A long-suffering Clovis makes a leap into radiopharmaceuticals, paying $12M in cash to beef up the pipeline
In the 17 months since Clovis won an approval for their PARP drug Rubraca, the reality of anemic sales revenue against a backdrop of major league competition has crushed its shares and raised doubts about its future. So now it’s going about the business of adding new candidates to the pipeline that might help inspire some renewed enthusiasm for the company.
Monday morning Clovis reported that it is handing over $12 million in upfront payments to Berlin-based 3B Pharmaceuticals to nab rights to preclinical radiopharmaceuticals. And the Boulder, CO-based biotech says it plans to steer the first drug to the clinic in the second half of next year.

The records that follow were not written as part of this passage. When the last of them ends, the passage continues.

Inductive dstep : dterm A -> dterm A -> Prop :=
| dstep_beta : forall f b s, dstep (dApp (dLam f b) s) (subst 0 s b)
| dstep_lam : forall f b b', dstep b b' -> dstep (dLam f b) (dLam f b')
| dstep_appl : forall t t' u, dstep t t' -> dstep (dApp t u) (dApp t' u)
| dstep_appr : forall t u u', dstep u u' -> dstep (dApp t u) (dApp t u').

Notation dsteps := (clos_refl_trans (dterm A) dstep).

Lemma dsteps_lam f b b' : dsteps b b' -> dsteps (dLam f b) (dLam f b').
Proof. induction 1; eauto using rt_step, rt_refl, rt_trans, dstep_lam. Qed.

Lemma dsteps_app t t' u u' : dsteps t t' -> dsteps u u' -> dsteps (dApp t u) (dApp t' u').
Proof.
  intros Ht Hu. apply rt_trans with (dApp t' u).
  - clear Hu. induction Ht; eauto using rt_step, rt_refl, rt_trans, dstep_appl.
  - clear Ht. induction Hu; eauto using rt_step, rt_refl, rt_trans, dstep_appr.
Qed.

Lemma dsteps_invariant (P : dterm A -> Prop) :
  (forall t t', dstep t t' -> P t -> P t') -> forall t t', dsteps t t' -> P t -> P t'.
Proof. intros HP t t'. induction 1; eauto. Qed.

Lemma dstep_has_type t t' : dstep t t' -> forall G f, dhas_type G t f -> dhas_type G t' f.
Proof.
  induction 1; intros G g Ht; inversion Ht as [|? ? ? ? Hb|? ? ? ? ? Htu Hu]; subst.
  - inversion Htu; subst. exact (dhas_type_subst [] _ _ _ _ _ ltac:(eassumption) Hu).
  - constructor; auto.
  - econstructor; eauto.
  - econstructor; eauto.
Qed.

Lemma dsteps_has_type G t t' f : dsteps t t' -> dhas_type G t f -> dhas_type G t' f.
Proof. apply (dsteps_invariant (fun t => dhas_type G t f)). eauto using dstep_has_type. Qed.

Inductive dHRM : dterm A -> Prop :=
| dHRM_var : forall i, dHRM (dVar i)
| dHRM_lam : forall f b, dHRM b -> dfree 0 b -> dHRM (dLam f b)
| dHRM_app : forall t u, dHRM t -> dHRM u ->
    (forall i, dfree i t -> exists j, dfree j u /\ j <= i) -> dHRM (dApp t u).

Lemma dHRM_lift t : forall d c, dHRM t -> dHRM (lift d c t).
Proof.
  induction t as [n|f b IH|t IHt u IHu]; intros d c Ht;
    inversion Ht as [|? ? Hb H0|? ? Htt Hu Hdom]; subst; simpl.
  - constructor.
  - constructor; auto. apply dfree_lift. exists 0. split; [exact H0 | reflexivity].
  - constructor; auto. intros i Hi. apply dfree_lift in Hi as [j [Hj ->]].
    destruct (Hdom j Hj) as [j' [Hj' Le]].
    exists (shift d c j'). split; [apply dfree_lift; eauto|].
    unfold shift. destruct (Nat.ltb_spec j c), (Nat.ltb_spec j' c); lia.
Qed.

Lemma dfree_subst_lt k s t i : i < k -> dfree i t -> dfree i (subst k s t).
Proof. intros. apply dfree_subst. auto. Qed.

Lemma dfree_subst_gt k s t i : k < i -> dfree i t -> dfree (pred i) (subst k s t).
Proof.
  intros. apply dfree_subst. right; left. replace (S (pred i)) with i by lia. split; [lia | auto].
Qed.

Lemma dfree_subst_eq k s t j : dfree k t -> dfree j s -> dfree (j + k) (subst k s t).
Proof. intros. apply dfree_subst. eauto 6. Qed.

Their new target is fibroblast activation protein alpha, or FAP, which is expressed on a broad range of tumors. Researchers at Clovis plan to expand on that with additional drugs spawned on the 3BP platform, as the US biotech takes responsibility for covering the work of a “limited” number of the German company’s investigators. 3BP is keeping European rights to their drugs, while Clovis takes the US and most of the rest of the world.

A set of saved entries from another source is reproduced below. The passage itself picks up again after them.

(* In the two-receiver star network (source transmitting to receivers $1,2$; at each slot, independently, the set of receivers that successfully receive is $\emptyset,\{1\},\{2\},\{1,2\}$ with probabilities $\lambda_\emptyset,\lambda_{\{1\}},\lambda_{\{2\}},\lambda_{\{1,2\}}$ summing to $1$; $A_k(n+1)=1$ if receiver $k$ receives at slot $n$ and $A_k(n+1)=A_k(n)+1$ otherwise), assume $\lambda_{\{1\}}+\lambda_{\{1,2\}}>0$ and $\lambda_{\{2\}}+\lambda_{\{1,2\}}>0$. If $(A_1,A_2)$ has the stationary distribution, then $$\mathrm{Cov}(A_1,A_2)=\frac{\lambda_\emptyset\lambda_{\{1,2\}}-\lambda_{\{1\}}\lambda_{\{2\}}}{(\lambda_{\{1\}}+\lambda_{\{1,2\}})(\lambda_{\{2\}}+\lambda_{\{1,2\}})(1-\lambda_\emptyset)}.$$ Moreover, if $(\lambda_{\{1\}}+\lambda_{\{1,2\}})(\lambda_{\{2\}}+\lambda_{\{1,2\}})=\lambda_{\{1,2\}}$, then the stationary distribution has product form, $\mathbb{P}(A_1=i,A_2=j)=\mathbb{P}(A_1=i)\mathbb{P}(A_2=j)$ for all $i,j\ge1$, and $\mathrm{Cov}(A_1,A_2)=0$; otherwise $\mathrm{Cov}(A_1,A_2)\neq0$.
   Context: Ages take values in $\{1,2,\dots\}$. The process $(A_1(n),A_2(n))$ is a Markov chain on $\{1,2,\dots\}^2$ with a unique stationary distribution under the stated assumptions. *)

From Stdlib Require Import Reals Lra.
Open Scope R_scope.

(* For the
   nonnegative series used below this is the usual (order-independent) sum. *)
Definition dsum (f : nat -> nat -> R) (l : R) : Prop :=
  exists r : nat -> R, (forall i, infinite_sum (f i) (r i)) /\ infinite_sum r l.

Definition ind (b : bool) : R := if b then 1 else 0.

Definition K (l0 l1 l2 l12 : R) (a1 a2 b1 b2 : nat) : R :=
  l0 * ind (Nat.eqb b1 (S a1) && Nat.eqb b2 (S a2))
  + l1 * ind (Nat.eqb b1 1 && Nat.eqb b2 (S a2))
  + l2 * ind (Nat.eqb b1 (S a1) && Nat.eqb b2 1)
  + l12 * ind (Nat.eqb b1 1 && Nat.eqb b2 1).

(* pi : nat -> nat -> R is a stationary distribution of the chain on
   {1,2,...}^2 (states with a zero coordinate carry no mass). *)
Definition stationary (l0 l1 l2 l12 : R) (pi : nat -> nat -> R) : Prop :=
  (forall i j, 0 <= pi i j) /\
  (forall j, pi 0%nat j = 0) /\ (forall i, pi i 0%nat = 0) /\
  dsum pi 1 /\
  (forall b1 b2, dsum (fun a1 a2 => pi a1 a2 * K l0 l1 l2 l12 a1 a2 b1 b2) (pi b1 b2)).

Definition cov_is (pi : nat -> nat -> R) (c : R) : Prop :=
  exists E1 E2 E12,
    dsum (fun i j => INR i * pi i j) E1 /\
    dsum (fun i j => INR j * pi i j) E2 /\
    dsum (fun i j => INR i * INR j * pi i j) E12 /\
    c = E12 - E1 * E2.

From Stdlib Require Import Reals Lra Lia.
From Coquelicot Require Import Coquelicot.
Open Scope R_scope.

(* Let pi be a stationary distribution of the age chain and r i its row
   marginals.  Reading the balance equations pi = pi K entry by entry gives
   pi(1,1) = l12, a first row and a first column fed by the marginals, and the
   diagonal transport pi(i+2,j+2) = l0 pi(i+1,j+1).  From these the marginals
   are geometric: r(i+1) = mu1 (l0+l2)^i and the column sums are
   mu2 (l0+l1)^j, with mu1 = l1+l12 and mu2 = l2+l12.  The row first moments
   s i = sum_j j pi(i,j) satisfy the linear recursion
   s(i+2) = (l0+l2) r(i+1) + l0 s(i+1), so every moment needed (E A1, E A2,
   E A1 A2) is the sum of a nonnegative sequence obeying a linear recursion
   u(n+1) = v n + b u n; one general lemma sums all of them.  The covariance
   formula then is a field identity, and under mu1 mu2 = l12 the transport
   equations are solved by the product of the marginals, by induction. *)

Lemma sum_ext (f g : nat -> R) (l : R) :
  (forall n, f n = g n) -> infinite_sum f l -> infinite_sum g l.
Proof. rewrite <- !is_series_Reals. exact (is_series_ext f g l). Qed.
(* Let $\Delta$ be a simplicial complex of subsets of $\{1,\dots,n\}$. Then $K_\Delta=\ker\tau_\Delta$ is generated by the following linear forms: for every pair $\mathscr J,\mathcal K\in\Delta$ and every choice of values $c_j\in\{1,\dots,a_j\}$ for $j\in\mathscr J\cap\mathcal K$, the form $$\sum_{\sigma}X_\sigma-\sum_{\rho}X_\rho,$$ where $\sigma$ ranges over tuples with $\sigma_j=c_j$ for $j\in\mathscr J\cap\mathcal K$, $\sigma_j\in\{1,\dots,a_j\}$ arbitrary for $j\in\mathscr J\setminus\mathcal K$, and $\sigma_j=\bullet$ for $j\notin\mathscr J$; and $\rho$ ranges over tuples with $\rho_j=c_j$ for $j\in\mathscr J\cap\mathcal K$, $\rho_j\in\{1,\dots,a_j\}$ arbitrary for $j\in\mathcal K\setminus\mathscr J$, and $\rho_j=\bullet$ for $j\notin\mathcal K$.
   Context: $\mathbb K$ is a field, $a_1,\dots,a_n$ positive integers, $R=\mathbb K[x_{i_1,\dots,i_n}:1\le i_j\le a_j]$. For a tuple $\sigma$ with $\sigma_j\in\{1,\dots,a_j\}\cup\{+\}$, $x_\sigma$ is the sum of all $x_{i_1,\dots,i_n}$ with $i_j=\sigma_j$ whenever $\sigma_j\ne+$. A simplicial complex $\Delta$ is a nonempty collection of subsets of $\{1,\dots,n\}$ closed under subsets. $S_\Delta$ is the polynomial ring over $\mathbb K$ in variables $X_\sigma$, one for each tuple $\sigma$ with $\sigma_j\in\{1,\dots,a_j\}\cup\{\bullet\}$ and $\{j:\sigma_j\ne\bullet\}\in\Delta$. $\tau_\Delta:S_\Delta\to R$ sends $X_\sigma$ to $x_{\sigma''}$, where $\sigma''$ is $\sigma$ with each $\bullet$ replaced by $+$, and $K_\Delta=\ker\tau_\Delta$. *)

From HB Require Import structures.
From mathcomp Require Import all_boot all_order all_algebra.
From mathcomp Require Import mpoly.
Set Implicit Arguments. Unset Strict Implicit. Unset Printing Implicit Defensive.
Import GRing.Theory.
Local Open Scope ring_scope.

(* Indices j in {1..n} are 'I_n; values {1..a_j} are 'I_(a j) (0-based).
   The symbol "bullet" is None, a value v is Some v. *)

Definition simplicial_complex (n : nat) (D : {set {set 'I_n}}) : Prop :=
  D != set0 /\ forall A B : {set 'I_n}, B \subset A -> A \in D -> B \in D.

Definition Ridx (n : nat) (a : 'I_n -> nat) : finType := {dffun forall j : 'I_n, 'I_(a j)}.
Definition Stup (n : nat) (a : 'I_n -> nat) : finType := {dffun forall j : 'I_n, option 'I_(a j)}.

Definition supp n (a : 'I_n -> nat) (s : Stup a) : {set 'I_n} :=
  [set j | s j != None].

Definition Sidx n (a : 'I_n -> nat) (D : {set {set 'I_n}}) : finType :=
  {s : Stup a | supp s \in D}.

Definition Rring (K : fieldType) n (a : 'I_n -> nat) := {mpoly K[#|Ridx a|]}.
Definition xvar (K : fieldType) n (a : 'I_n -> nat) (t : Ridx a) : Rring K a :=
  'X_(enum_rank t).

Definition xplus (K : fieldType) n (a : 'I_n -> nat) (s : Stup a) : Rring K a :=
  \sum_(t : Ridx a | [forall j, if s j is Some v then t j == v else true])
     xvar K t.

Definition Sring (K : fieldType) n (a : 'I_n -> nat) (D : {set {set 'I_n}}) :=
  {mpoly K[#|Sidx a D|]}.
Definition Xvar (K : fieldType) n (a : 'I_n -> nat) (D : {set {set 'I_n}})
  (s : Sidx a D) : Sring K a D := 'X_(enum_rank s).

Definition tau (K : fieldType) n (a : 'I_n -> nat) (D : {set {set 'I_n}})
  (p : Sring K a D) : Rring K a :=
  p \mPo [tuple xplus K (val (enum_val i) : Stup a) | i < #|Sidx a D|].

Definition K_Delta (K : fieldType) n (a : 'I_n -> nat) (D : {set {set 'I_n}})
  (p : Sring K a D) : Prop := tau p = 0.

Definition pattern n (a : 'I_n -> nat) (J L : {set 'I_n})
  (c : {dffun forall j : 'I_n, 'I_(a j)}) (s : Stup a) : bool :=
  [forall j, if j \in J then (if j \in L then s j == Some (c j) else s j != None)
             else s j == None].

(* the linear form  sum_sigma X_sigma - sum_rho X_rho  for J, L in Delta and
   values c_j (only those with j in J :&: L are used) *)
Definition genform (K : fieldType) n (a : 'I_n -> nat) (D : {set {set 'I_n}})
  (J L : {set 'I_n}) (c : {dffun forall j : 'I_n, 'I_(a j)}) : Sring K a D :=
  \sum_(s : Sidx a D | pattern J L c (val s)) Xvar K s
  - \sum_(r : Sidx a D | pattern L J c (val r)) Xvar K r.

Definition is_generator (K : fieldType) n (a : 'I_n -> nat) (D : {set {set 'I_n}})
  (g : Sring K a D) : Prop :=
  exists (J L : {set 'I_n}) (c : {dffun forall j : 'I_n, 'I_(a j)}),
    [/\ J \in D, L \in D & g = genform K D J L c].

Definition in_ideal_gen (R : comRingType) (G : R -> Prop) (p : R) : Prop :=
  exists s : seq (R * R), (forall x, x \in s -> G x.2) /\
    p = \sum_(x <- s) x.1 * x.2.

(* Each generator lies in the kernel: both of its sums map under tau to the sum
   of the x_t with t_j = c_j on J :&: L.  Conversely, call sigma free if none of
   its entries is the first value of its coordinate.  A Moebius inversion in each
   coordinate gives a K-algebra map theta : R -> S_Delta with
   theta (tau X_sigma) = X_sigma for free sigma.  If sigma has the first value at
   j, the generator for J = supp sigma, L = J :\ j writes X_sigma, modulo the
   ideal, through variables that agree with sigma off j and are not first-valued
   at j; induction on the number of first-valued entries gives
   X_sigma = theta (tau X_sigma) modulo the ideal for all sigma, hence
   p = theta (tau p) modulo the ideal for every p, and p lies in the ideal when
   tau p = 0. *)

From HB Require Import structures.
From mathcomp Require Import all_boot all_order all_algebra.
From mathcomp Require Import mpoly ring.
Set Implicit Arguments. Unset Strict Implicit. Unset Printing Implicit Defensive.
Import GRing.Theory.
Local Open Scope ring_scope.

Two years ago, when Rubraca was being guided through an added FDA approval, investors’ hopes were running high on Clovis. But in its latest quarterly update the company conceded that it managed to eke out only $33 million in sales. AstraZeneca has dominated the PARP field, though GSK believes they can break out of their niche after buying Tesaro and compete for a much larger share of the pie. Pfizer is also in the game.

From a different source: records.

(* [coshR (2 y) = 2 coshR y ^+ 2 - 1] and [2 e ^+ 2 - 1 <= e ^+ 4] propagate the
   bound from [`|y| <= r] to [`|y| <= 2 r]. *)
Lemma coshR_le_double r :
  (forall y, `|y| <= r -> coshR y <= expR (2/3 * y ^+ 2)) ->
  forall y, `|y| <= 2 * r -> coshR y <= expR (2/3 * y ^+ 2).
Proof.
move=> small y y_le.
have y2_le : `|y / 2| <= r by rewrite normrM (@gtr0_norm _ 2^-1) //; lra.
have := small _ y2_le; set e := expR _ => cosh_le.
have e0 : 0 < e by rewrite expR_gt0.
have cosh2_le : coshR (y / 2) ^+ 2 <= e ^+ 2.
  by rewrite lerXn2r // ?nnegrE ?coshR_ge0 // ltW.
have -> : y = 2 * (y / 2) by field.
rewrite coshR_double.
have -> : expR (2 / 3 * (2 * (y / 2)) ^+ 2) = (e ^+ 2) ^+ 2.
  by rewrite -exprM /e -expRM_natl; congr expR; ring.
have : 0 <= (e ^+ 2 - 1) ^+ 2 by rewrite sqr_ge0.
move: cosh2_le; set c := coshR _ ^+ 2; set d := e ^+ 2; nra.
Qed.

Lemma coshR_le_expR_sqr y : coshR y <= expR (2/3 * y ^+ 2).
Proof.
have [y_ge|y_lt] := leP (3/2) `|y|; last first.
  by apply: (coshR_le_double (coshR_le_double (coshR_le_double coshR_le_small))); lra.
have y_sq : `|y| <= 2/3 * y ^+ 2.
  by rewrite -real_normK ?num_real // expr2 mulrA ler_peMl //; lra.
rewrite /coshR ler_pdivrMr // mulr_natr mulr2n.
rewrite lerD // ler_expR; apply: le_trans y_sq; first exact: ler_norm.
by rewrite -normrN ler_norm.
Qed.

(* Hoeffding-type bound for the centred Bernoulli variable [f - B], [B ~ Ber f]:
   both exponents are convex combinations of [y] and [- y]. *)
Lemma centered_bernoulli_mgf_le f y : 0 <= f <= 1 ->
  (1 - f) * expR (f * y) + f * expR ((f - 1) * y) <= expR (2/3 * y ^+ 2).
Proof.
move=> /andP[f0 f1].
apply: le_trans (coshR_le_expR_sqr y).
have e1 : expR (f * y) <= (1 + f) / 2 * expR y + (1 - (1 + f) / 2) * expR (- y).
  have -> : f * y = (1 + f) / 2 * y + (1 - (1 + f) / 2) * (- y) by field.
  by apply: expR_convex; apply/andP; split; lra.
have e2 : expR ((f - 1) * y) <= f / 2 * expR y + (1 - f / 2) * expR (- y).
  have -> : (f - 1) * y = f / 2 * y + (1 - f / 2) * (- y) by field.
  by apply: expR_convex; apply/andP; split; lra.
have := ler_wpM2l (_ : 0 <= 1 - f) e1; have := ler_wpM2l f0 e2.
rewrite /coshR; set A := expR y; set B := expR (- y); nra.
Qed.
(* In the adaptive clinching auction for one infinitely divisible good (described in the context), the allocations in the stopping step (I) can be carried out in such a way that, when the auction stops, there is at most one bidder $i$ with final allocation $X_i>0$ and total payment $P_i<B_i$.
   Context: One unit of an infinitely divisible good is sold to $n$ bidders; bidder $i$ reports valuation $v_i$ per unit and budget $B_i>0$; $X_i$ and $P_i$ denote the final allocation and total payment of bidder $i$. The adaptive clinching auction is a process indexed by time $t\ge0$, with price $p(t)$, effective budgets $b_i(t)$, allocations $x_i(t)$, payments $P_i(t)$, and supply $S(t)=1-\sum_ix_i(t)$; initially $p(0)=0$, $x_i(0)=P_i(0)=0$, $b_i(0)=B_i$, $S(0)=1$. Demand $D_i(t)=b_i(t)/p(t)$ and $D_{-i}(t)=\sum_{j\ne i}D_j(t)$. Active set $A(t)=\{j:v_j>p(t),b_j(t)>0\}$, exiting set $E(t)=\{j:v_j=p(t),b_j(t)>0\}$, clinching set $C(t)=\{j\in A(t):S(t)=D_{-j}(t)\}$. With a fixed report-independent ordering of the bidders, the rules (primes are time derivatives; unmentioned quantities are constant) are: (I) if $\sum_{i\in A(t)}D_i(t)\le S(t)$, stop at time $f=t$ and, at unit price $p(t)$ respecting budgets, give each $i\in A(t)$ amount $D_i(t)$ and give the remaining amount $S(t)-\sum_{i\in A(t)}D_i(t)$ to bidders in $E(t)$ (how this remainder is split among $E(t)$ is not otherwise specified); (II) else if $E(t)=\emptyset\ne A(t)$: $p'=1$, and for $i\in C(t)$: $b_i'=-S(t)$, $P_i'=S(t)$, $x_i'=S(t)/p(t)$; (III) else if $E(t)\ne\emptyset\ne A(t)$: $p'=0$; for the smallest-index $j\in E(t)$: $b_j'=-1$, $P_j'=x_j'=0$; for $i\in C(t)$: $b_i'=-1$, $P_i'=1$, $x_i'=1/p(t)$. *)

From HB Require Import structures.
From mathcomp Require Import all_boot all_order all_algebra.
From mathcomp Require Import all_classical all_reals all_analysis.
Set Implicit Arguments. Unset Strict Implicit. Unset Printing Implicit Defensive.
Import Order.TTheory GRing.Theory Num.Theory.
Import numFieldNormedType.Exports.
Local Open Scope ring_scope.
Local Open Scope classical_set_scope.

(* Adaptive clinching auction, one unit of a divisible good, bidders 'I_n
   (the report-independent ordering is the order of 'I_n).
   v i = valuation, B i = budget.  A run is given by the price p(t),
   effective budgets b i t, allocations x i t, payments P i t, and the
   stopping time f. *)

Definition has_rderiv (R : realType) (g : R -> R) (t d : R) : Prop :=
  (fun h : R => (g (t + h) - g t) / h) @ at_right 0 --> d.

Definition supply (R : realType) (n : nat) (x : 'I_n -> R -> R) (t : R) : R :=
  1 - \sum_(i < n) x i t.

Definition demand (R : realType) (n : nat) (p : R -> R) (b : 'I_n -> R -> R)
  (t : R) (i : 'I_n) : R := b i t / p t.

Definition demand_others (R : realType) (n : nat) (p : R -> R)
  (b : 'I_n -> R -> R) (t : R) (i : 'I_n) : R :=
  \sum_(j < n | j != i) demand p b t j.

Definition active (R : realType) (n : nat) (v : 'I_n -> R) (p : R -> R)
  (b : 'I_n -> R -> R) (t : R) (i : 'I_n) : bool :=
  (p t < v i) && (0 < b i t).

Definition exiting (R : realType) (n : nat) (v : 'I_n -> R) (p : R -> R)
  (b : 'I_n -> R -> R) (t : R) (i : 'I_n) : bool :=
  (v i == p t) && (0 < b i t).

Definition first_exiting (R : realType) (n : nat) (v : 'I_n -> R) (p : R -> R)
  (b : 'I_n -> R -> R) (t : R) (j : 'I_n) : bool :=
  exiting v p b t j && [forall k : 'I_n, exiting v p b t k ==> (j <= k)%N].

Novartis has helped spotlight the radiopharmaceutical field with a series of new investments. Late last year, weeks after the pharma giant snapped up Endocyte and its radioisotope drug Lu-PSMA-617 in a $2.1 billion deal — adding it to the Advanced Accelerator Applications group it acquired a little more than a year ago for $3.9 billion — its dealmaking crew added global rights to a new radiopharmaceutical called FF-10158 for oncology indications.
Clovis, though, has a history of over promising and underperforming. For 4 critical months in 2015, Clovis and its executives — led by CEO Patrick Mahaffy — maintained that their cancer drug roci had performed beautifully in clinical trials, with a 60% efficacy rate that blew the analysts away. That’s what they told investors, raising $298 million with a fat stock price in July of 2015. The SEC called their ORR out as a lie, though Mahaffy and the company were able to settle the charges by paying some light fines.
“Targeted radiopharmaceutical therapy represents a next frontier in oncology drug development, with potential application across multiple tumor types. In particular, FAP represents a very compelling target given its overexpression across numerous tumor types and limited expression in healthy tissue,” said Mahaffy in a statement.